If you want to check your answer look [here](https://www.exploringbinary.com/twos-complement-converter)


In [None]:
# Aside: Python can print binary representations of integers but does not internally use the
# two's-complement representation and so negative numbers appear just with a minus sign
print(f"{3:b}")
print(f"{-3:b}")

Here's a function to convert an integer into a string containing its binary 32-bit two's-complement representation

In [None]:
def b(i):
    ''' Returns bit-string representation of a 32-bit two's-complement integer '''
    if i<-2**31 or i>=2**31:
        raise(ValueError)
    s = "0"
    if i<0:
        s = "1"
        i += 2**31
    for q in range(30,-1,-1):
        s += ["0","1"][(i&(1<<q))>>q]
    return s

print(-2147483648, b(-2147483648)) # The most negative integer

In [None]:
b(-3)

In [None]:
# Test it on some integers from numpy
import numpy as np
i = np.array([3],np.int32)
print("{0:11d} {1}".format(i[0],b(i[0])))
i[0] = -3
print("{0:11d} {1}".format(i[0],b(i[0])))


In [None]:
x = 2147483647
print(x)
x = x + 1
print(x)

The fixed width of NumPy integers means they cannot be arbitrarily large. The largest positive value you can put in a 32-bit signed integer must fit into 31 bits which is

$2^{31}-1$ = 2147483647

And the largest magnitude negative value is 
$-2^{31}$ = -2147483648

For the default 64-bit integers the limits are $2^{63}-1$ = 9223372036854775807 and $-2^{63}$=-9223372036854775808

**Exercise:** Explain the following behaviors

In [None]:
# Unexpected things can happen when you "overflow" a fixed-size integer

i = np.array([2**31-1],np.int32)
print("{0:11d} {1}".format(i[0],b(i[0])))
i += 1
print("{0:11d} {1}".format(i[0],b(i[0])))
print()
i = np.array([-2**31],np.int32)
print("{0:11d} {1}".format(i[0],b(i[0])))
i -= 1
print("{0:11d} {1}".format(i[0],b(i[0])))
print("{0:11d} {1}".format(-1,b(-1)))


In [None]:
# Explore increasing powers of 2
i = np.array([1],np.int32)
for iteration in range(40):
    print("{0:2d}  {1:11d}   {2}".format(iteration,i[0],b(i[0])))
    i *= 2

**Summary:** *these issues only affect very large integers in NumPy (or other programming languages including Python2) but most of the time (since you are usually working with small values) things will behave as you expect.*

## Absolute error, relative error, significant digits, precision, and accuracy

These are central concepts to numerical computation

**Absolute error** is the magnitude of the error between an approximate result and the exact one $\epsilon_{\text{abs}} = |x_\text{exact} - x_{\text{approx}}|$


In [None]:
x = (1.0/(1.0/7.0**0.5)**3)**(2/3) #  exact answer is 7
xexact = 7
print(x)
abserr = abs(x-xexact)
print(abserr)

While absolute error is very important, it requires that we have some understanding about how big an error is bad.  

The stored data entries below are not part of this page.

(* Let $\mathcal V$ be a variety of co-Heyting algebras. The following are equivalent: (1) $\mathcal V$ has the finite model property; (2) every algebra free in $\mathcal V$ is residually finite; (3) every algebra free in $\mathcal V$ is Hausdorff; (4) every algebra finitely presented in $\mathcal V$ is precompact and Hausdorff.
   Context: A co-Heyting algebra is a bounded distributive lattice $(L,0,1,\vee,\wedge)$ such that $a-b=\min\{c\in L: a\le b\vee c\}$ exists for all $a,b$; varieties, free and finitely presented algebras are in the sense of universal algebra for the language $\{0,1,\vee,\wedge,-\}$. $\mathcal V$ has the finite model property if for every term $t(x)$, whenever some algebra of $\mathcal V$ satisfies $\exists x\, t(x)\ne0$, some finite algebra of $\mathcal V$ does. $L$ is residually finite if for every nonzero $a\in L$ there is an ideal $I$ with $a\notin I$ and $L/I$ finite, where $L/I$ is the quotient by $a\equiv_I b\iff (a-b)\vee(b-a)\in I$. $\operatorname{Spec}L$ is the set of prime filters ordered by inclusion; height = foundation rank there; $\operatorname{codim}_La=\min\{\operatorname{height}\mathfrak p: a\in\mathfrak p\}$ ($+\infty$ if none); $dL=\{a:\operatorname{codim}_La\ge d\}$ (an ideal). $L$ is Hausdorff if every nonzero element has finite codimension; $L$ is precompact if $L/dL$ is finite for every positive integer $d$. *)

From Stdlib Require Import List Arith.
Import ListNotations.

Inductive term : Type :=
| tVar  : nat -> term
| tZero : term
| tOne  : term
| tJoin : term -> term -> term
| tMeet : term -> term -> term
| tDiff : term -> term -> term.

Record coHeyting : Type := CoHeyting {
  carrier :> Type;
  zero : carrier;
  one  : carrier;
  join : carrier -> carrier -> carrier;
  meet : carrier -> carrier -> carrier;
  diff : carrier -> carrier -> carrier;
  joinA : forall a b c, join a (join b c) = join (join a b) c;
  meetA : forall a b c, meet a (meet b c) = meet (meet a b) c;
  joinC : forall a b, join a b = join b a;
  meetC : forall a b, meet a b = meet b a;
  join_meetK : forall a b, join a (meet a b) = a;
  meet_joinK : forall a b, meet a (join a b) = a;
  meet_joinDl : forall a b c, meet a (join b c) = join (meet a b) (meet a c);
  join0 : forall a, join zero a = a;
  meet1 : forall a, meet one a = a;
  (* a - b = min { c : a <= b \/ c }, where x <= y means x \/ y = y *)
  diff_ge : forall a b, join a (join b (diff a b)) = join b (diff a b);
  diff_min : forall a b c, join a (join b c) = join b c ->
                           join (diff a b) c = c
}.

Section Algebra.
Variable A : coHeyting.

Definition le (a b : A) : Prop := join A a b = b.

Fixpoint eval (env : nat -> A) (t : term) : A :=
  match t with
  | tVar n => env n
  | tZero => zero A
  | tOne => one A
  | tJoin s u => join A (eval env s) (eval env u)
  | tMeet s u => meet A (eval env s) (eval env u)
  | tDiff s u => diff A (eval env s) (eval env u)
  end.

For instance, an error of a million would be a lot if counting the population of a town, but would likely be regarded as small if measuring the distance to the sun in meters (149,597,870,700m).

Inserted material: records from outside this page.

Lemma join_tms_rst_comp (A B C D : ob X) (I : Type) (f : I -> hom X A B)
    (j : hom X A B) (k : hom X (prod A C) D) :
  pairwise_compatible f -> is_join f j ->
  is_join (fun i => comp (tms (rst (f i)) (idm C)) k) (comp (tms (rst j) (idm C)) k).
Proof.
  destruct JR as [_ [join_comp_l join_comp_r]].
  intros Hc Hj.
  pose (pi0_rst := fun i => comp (@pi0 X A C) (rst (f i))).
  assert (Hpi0 : is_join pi0_rst (comp pi0 (rst j))).
  { exact (join_comp_l _ _ _ _ _ _ pi0 (compatible_rst f) (join_rst Hc Hj)). }
  assert (Hcpi0 : pairwise_compatible pi0_rst).
  { exact (compatible_comp_l pi0 (compatible_rst f)). }
  rewrite tms_rst_idm.
  apply (is_join_ext (f := fun i => comp (rst (pi0_rst i)) k)).
  - intro i. unfold pi0_rst. rewrite tms_rst_idm. reflexivity.
  - exact (join_comp_r _ _ _ _ _ _ k (compatible_rst pi0_rst) (join_rst Hcpi0 Hpi0)).
Qed.

End Joins.

Section ReverseDerivative.
Variable X : RDRC.

(* With  E = rst h x 1
   on  A x B  and  c = E ; R[g],  axioms [RD.5] and [RD.9] turn the left side
   into  <pi0, c> ; (rst h x 1) ; pi1  (the idempotent now living on A x A);
   moving that idempotent past  <pi0, c>  gives  rst c ; E ; c = c. *)
Lemma Rd_restrict (A B C : ob X) (h : hom X A C) (g : hom X A B) :
  Rd (comp (rst h) g) = comp (tms (rst h) (idm B)) (Rd g).
Proof.
  set (E := tms (rst h) (idm B)).
  set (c := comp E (Rd g)).
  assert (HE_pair : pair (comp pi0 (rst h)) pi1 = E).
  { unfold E, tms. rewrite comp_id_r. reflexivity. }
  assert (HRd_e : Rd (rst h) = comp (rst (comp (@pi0 X A A) (rst h))) pi1).
  { rewrite RD9, tms_rst_idm. reflexivity. }
  assert (HE : E = rst (comp pi0 (rst h))) by apply tms_rst_idm.
  assert (HEc : comp E c = c).
  { unfold c. rewrite <- comp_assoc, HE, rst_idem. reflexivity. }
  rewrite RD5, HE_pair, HRd_e. fold c.
  rewrite <- comp_assoc, R4, comp_assoc, pair_pi1, pi0_total, comp_id_l,
    <- comp_assoc, pair_pi0, comp_assoc, R3, <- HE, comp_assoc, HEc, R1.
  reflexivity.
Qed.

Lemma Rd_below (A B : ob X) (f g : hom X A B) :
  rle f g -> Rd f = comp (tms (rst f) (idm B)) (Rd g).
Proof. unfold rle. intro Hfg. rewrite <- Rd_restrict, Hfg. reflexivity. Qed.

**Relative error** can be defined as the ratio of the absolute error to the exact result 

$$ \epsilon_{\text{rel}} = |x_\text{exact} - x_{\text{approx}}| / |x_\text{exact}| $$

but other definitions are also useful depending on the circumstance, e.g.,

$$ \epsilon_{\text{rel}} = |x_\text{exact} - x_{\text{approx}}| / \text{max}(|x_\text{exact}|,|x_\text{approx}|) $$

$$ \epsilon_{\text{rel}} = |x_\text{exact} - x_{\text{approx}}| / |x_\text{approx}| $$

From the perspective of relative error we can see the above computation was quite accurate

In [None]:
relerr = abs(x-xexact)/xexact
print(relerr)

**Significant figures:** Relative error can also be interpreted as the number of significant figures or digits ($N$) in the value, where $N$ is computed as the largest integer such that 

$$ \epsilon_{\text{rel}} < 0.5 * 10^{-N} $$

or 

$$ N \approx \text{floor}( -\log_{10} (2* \epsilon_{\text{rel}}) ) $$

(`floor` rounds towards zero --- i.e., takes a floating point value and discards the fraction).


In [None]:
print("{0:11d} {1}".format(i[0],b(i[0])))
from math import *
sigfig = int(-log10(2*relerr))
print(sigfig)


**Precision** is often stated as the number of digits (or relative error) used to store or compute a result. Sometimes this might be stated as relative error, or the absolute error (e.g., if fixed-point arithmetic is being used instead of floating point).

For example, here is an approximation to $\pi$ (hint, it is not a particularly good approximation)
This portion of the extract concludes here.